[YOUR OBJECTIVE]: Look below for the line containing "(* Finitely presented"; from there, print each line exactly up to and including the line containing "(* Let $G$ be", and stop.

[Opening MATERIAL PROVIDED section]

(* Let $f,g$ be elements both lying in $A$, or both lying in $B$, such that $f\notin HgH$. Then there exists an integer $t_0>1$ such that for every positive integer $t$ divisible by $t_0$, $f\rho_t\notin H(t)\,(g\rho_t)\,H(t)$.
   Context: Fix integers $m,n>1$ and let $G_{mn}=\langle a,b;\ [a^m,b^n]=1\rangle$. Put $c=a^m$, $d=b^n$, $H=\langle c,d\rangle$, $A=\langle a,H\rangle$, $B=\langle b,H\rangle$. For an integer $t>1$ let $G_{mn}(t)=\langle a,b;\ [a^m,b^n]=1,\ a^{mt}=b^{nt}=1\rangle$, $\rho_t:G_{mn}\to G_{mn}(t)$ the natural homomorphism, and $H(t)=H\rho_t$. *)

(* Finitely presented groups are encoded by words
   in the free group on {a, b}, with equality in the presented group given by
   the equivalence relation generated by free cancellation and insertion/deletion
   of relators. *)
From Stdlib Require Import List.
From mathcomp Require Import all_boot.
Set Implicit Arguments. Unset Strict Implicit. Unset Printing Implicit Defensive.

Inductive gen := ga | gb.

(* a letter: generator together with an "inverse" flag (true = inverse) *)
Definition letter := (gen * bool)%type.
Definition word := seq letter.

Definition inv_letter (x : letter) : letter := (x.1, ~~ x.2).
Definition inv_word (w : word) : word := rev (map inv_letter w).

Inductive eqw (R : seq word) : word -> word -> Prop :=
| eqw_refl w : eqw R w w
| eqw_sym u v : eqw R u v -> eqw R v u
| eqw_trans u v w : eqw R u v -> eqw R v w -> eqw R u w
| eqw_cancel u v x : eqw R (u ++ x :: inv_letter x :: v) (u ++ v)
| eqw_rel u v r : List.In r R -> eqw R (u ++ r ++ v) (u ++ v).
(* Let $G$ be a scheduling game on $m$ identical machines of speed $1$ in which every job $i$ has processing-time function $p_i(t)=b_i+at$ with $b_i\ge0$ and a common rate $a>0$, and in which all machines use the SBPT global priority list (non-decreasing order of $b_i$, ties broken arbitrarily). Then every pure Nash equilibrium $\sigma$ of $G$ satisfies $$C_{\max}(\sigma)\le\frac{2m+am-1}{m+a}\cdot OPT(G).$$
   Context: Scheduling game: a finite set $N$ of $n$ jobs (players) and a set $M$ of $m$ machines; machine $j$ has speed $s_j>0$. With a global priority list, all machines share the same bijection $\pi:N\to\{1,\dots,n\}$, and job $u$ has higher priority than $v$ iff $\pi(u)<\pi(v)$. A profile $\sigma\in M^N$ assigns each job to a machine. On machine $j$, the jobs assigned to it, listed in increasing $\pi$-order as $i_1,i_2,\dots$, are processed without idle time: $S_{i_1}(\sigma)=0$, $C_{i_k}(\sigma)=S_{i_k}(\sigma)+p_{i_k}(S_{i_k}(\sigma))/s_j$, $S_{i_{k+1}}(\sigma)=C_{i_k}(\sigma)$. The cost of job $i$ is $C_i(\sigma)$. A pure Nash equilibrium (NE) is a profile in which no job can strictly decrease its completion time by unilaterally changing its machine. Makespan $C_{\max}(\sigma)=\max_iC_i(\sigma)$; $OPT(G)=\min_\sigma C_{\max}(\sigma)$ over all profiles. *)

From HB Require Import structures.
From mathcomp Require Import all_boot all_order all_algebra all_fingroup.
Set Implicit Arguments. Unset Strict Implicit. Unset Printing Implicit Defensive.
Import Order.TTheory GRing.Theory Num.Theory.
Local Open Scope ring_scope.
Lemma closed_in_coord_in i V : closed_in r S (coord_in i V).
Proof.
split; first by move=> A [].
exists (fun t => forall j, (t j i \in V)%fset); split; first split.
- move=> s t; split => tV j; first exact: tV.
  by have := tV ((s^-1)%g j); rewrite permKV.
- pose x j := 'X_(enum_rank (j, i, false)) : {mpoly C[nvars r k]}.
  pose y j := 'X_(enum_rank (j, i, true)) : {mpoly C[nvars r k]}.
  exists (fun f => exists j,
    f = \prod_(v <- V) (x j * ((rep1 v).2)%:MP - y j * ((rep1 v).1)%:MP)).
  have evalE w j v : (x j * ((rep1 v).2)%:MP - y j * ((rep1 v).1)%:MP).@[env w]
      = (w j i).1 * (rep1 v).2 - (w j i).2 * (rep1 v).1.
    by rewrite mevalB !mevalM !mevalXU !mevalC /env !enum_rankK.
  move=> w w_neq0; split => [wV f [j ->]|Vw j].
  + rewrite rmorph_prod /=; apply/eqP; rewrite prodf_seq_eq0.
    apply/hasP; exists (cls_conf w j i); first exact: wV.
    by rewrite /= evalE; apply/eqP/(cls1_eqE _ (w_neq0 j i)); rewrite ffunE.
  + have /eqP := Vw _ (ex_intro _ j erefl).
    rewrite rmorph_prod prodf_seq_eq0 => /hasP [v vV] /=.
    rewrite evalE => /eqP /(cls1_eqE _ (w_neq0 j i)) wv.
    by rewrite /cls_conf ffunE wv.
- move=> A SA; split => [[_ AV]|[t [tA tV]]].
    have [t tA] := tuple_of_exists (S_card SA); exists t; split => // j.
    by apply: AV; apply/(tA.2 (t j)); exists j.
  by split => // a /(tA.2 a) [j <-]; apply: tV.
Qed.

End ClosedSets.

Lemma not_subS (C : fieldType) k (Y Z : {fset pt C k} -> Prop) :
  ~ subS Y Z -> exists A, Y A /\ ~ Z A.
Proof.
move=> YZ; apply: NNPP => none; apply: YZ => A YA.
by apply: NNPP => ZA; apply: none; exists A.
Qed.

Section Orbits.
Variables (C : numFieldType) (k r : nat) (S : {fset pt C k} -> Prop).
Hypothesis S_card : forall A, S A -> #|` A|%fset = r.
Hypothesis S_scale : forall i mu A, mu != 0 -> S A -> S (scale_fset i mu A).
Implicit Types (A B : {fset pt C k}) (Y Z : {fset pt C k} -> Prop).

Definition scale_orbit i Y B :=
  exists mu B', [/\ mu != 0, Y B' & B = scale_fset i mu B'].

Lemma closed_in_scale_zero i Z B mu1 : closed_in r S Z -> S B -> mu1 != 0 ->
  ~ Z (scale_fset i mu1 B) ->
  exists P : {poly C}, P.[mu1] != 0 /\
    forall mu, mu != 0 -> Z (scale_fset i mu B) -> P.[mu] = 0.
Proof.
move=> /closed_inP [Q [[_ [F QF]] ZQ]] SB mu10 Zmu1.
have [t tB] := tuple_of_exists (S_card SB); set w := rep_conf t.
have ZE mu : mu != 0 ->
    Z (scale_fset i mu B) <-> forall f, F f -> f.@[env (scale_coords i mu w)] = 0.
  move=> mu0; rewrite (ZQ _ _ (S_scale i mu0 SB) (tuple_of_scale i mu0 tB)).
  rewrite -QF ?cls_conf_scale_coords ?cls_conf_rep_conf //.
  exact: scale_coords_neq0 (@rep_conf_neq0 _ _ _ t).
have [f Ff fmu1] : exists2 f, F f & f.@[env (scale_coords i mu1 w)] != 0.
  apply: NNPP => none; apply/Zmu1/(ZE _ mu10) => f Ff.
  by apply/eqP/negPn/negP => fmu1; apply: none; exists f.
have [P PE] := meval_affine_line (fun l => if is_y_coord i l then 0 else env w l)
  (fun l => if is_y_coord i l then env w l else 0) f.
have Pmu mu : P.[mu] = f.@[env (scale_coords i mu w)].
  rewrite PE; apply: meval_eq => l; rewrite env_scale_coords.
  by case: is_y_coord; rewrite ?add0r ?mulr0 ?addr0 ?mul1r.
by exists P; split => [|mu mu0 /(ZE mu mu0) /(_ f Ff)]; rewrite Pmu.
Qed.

[Closing MATERIAL PROVIDED section]

[RESPONSE TO THIS EXERCISE]:
(* Finitely presented groups are encoded by words
   in the free group on {a, b}, with equality in the presented group given by
   the equivalence relation generated by free cancellation and insertion/deletion
   of relators. *)
From Stdlib Require Import List.
From mathcomp Require Import all_boot.
Set Implicit Arguments. Unset Strict Implicit. Unset Printing Implicit Defensive.

Inductive gen := ga | gb.

(* a letter: generator together with an "inverse" flag (true = inverse) *)
Definition letter := (gen * bool)%type.
Definition word := seq letter.

Definition inv_letter (x : letter) : letter := (x.1, ~~ x.2).
Definition inv_word (w : word) : word := rev (map inv_letter w).

Inductive eqw (R : seq word) : word -> word -> Prop :=
| eqw_refl w : eqw R w w
| eqw_sym u v : eqw R u v -> eqw R v u
| eqw_trans u v w : eqw R u v -> eqw R v w -> eqw R u w
| eqw_cancel u v x : eqw R (u ++ x :: inv_letter x :: v) (u ++ v)
| eqw_rel u v r : List.In r R -> eqw R (u ++ r ++ v) (u ++ v).
(* Let $G$ be a scheduling game on $m$ identical machines of speed $1$ in which every job $i$ has processing-time function $p_i(t)=b_i+at$ with $b_i\ge0$ and a common rate $a>0$, and in which all machines use the SBPT global priority list (non-decreasing order of $b_i$, ties broken arbitrarily). Then every pure Nash equilibrium $\sigma$ of $G$ satisfies $$C_{\max}(\sigma)\le\frac{2m+am-1}{m+a}\cdot OPT(G).$$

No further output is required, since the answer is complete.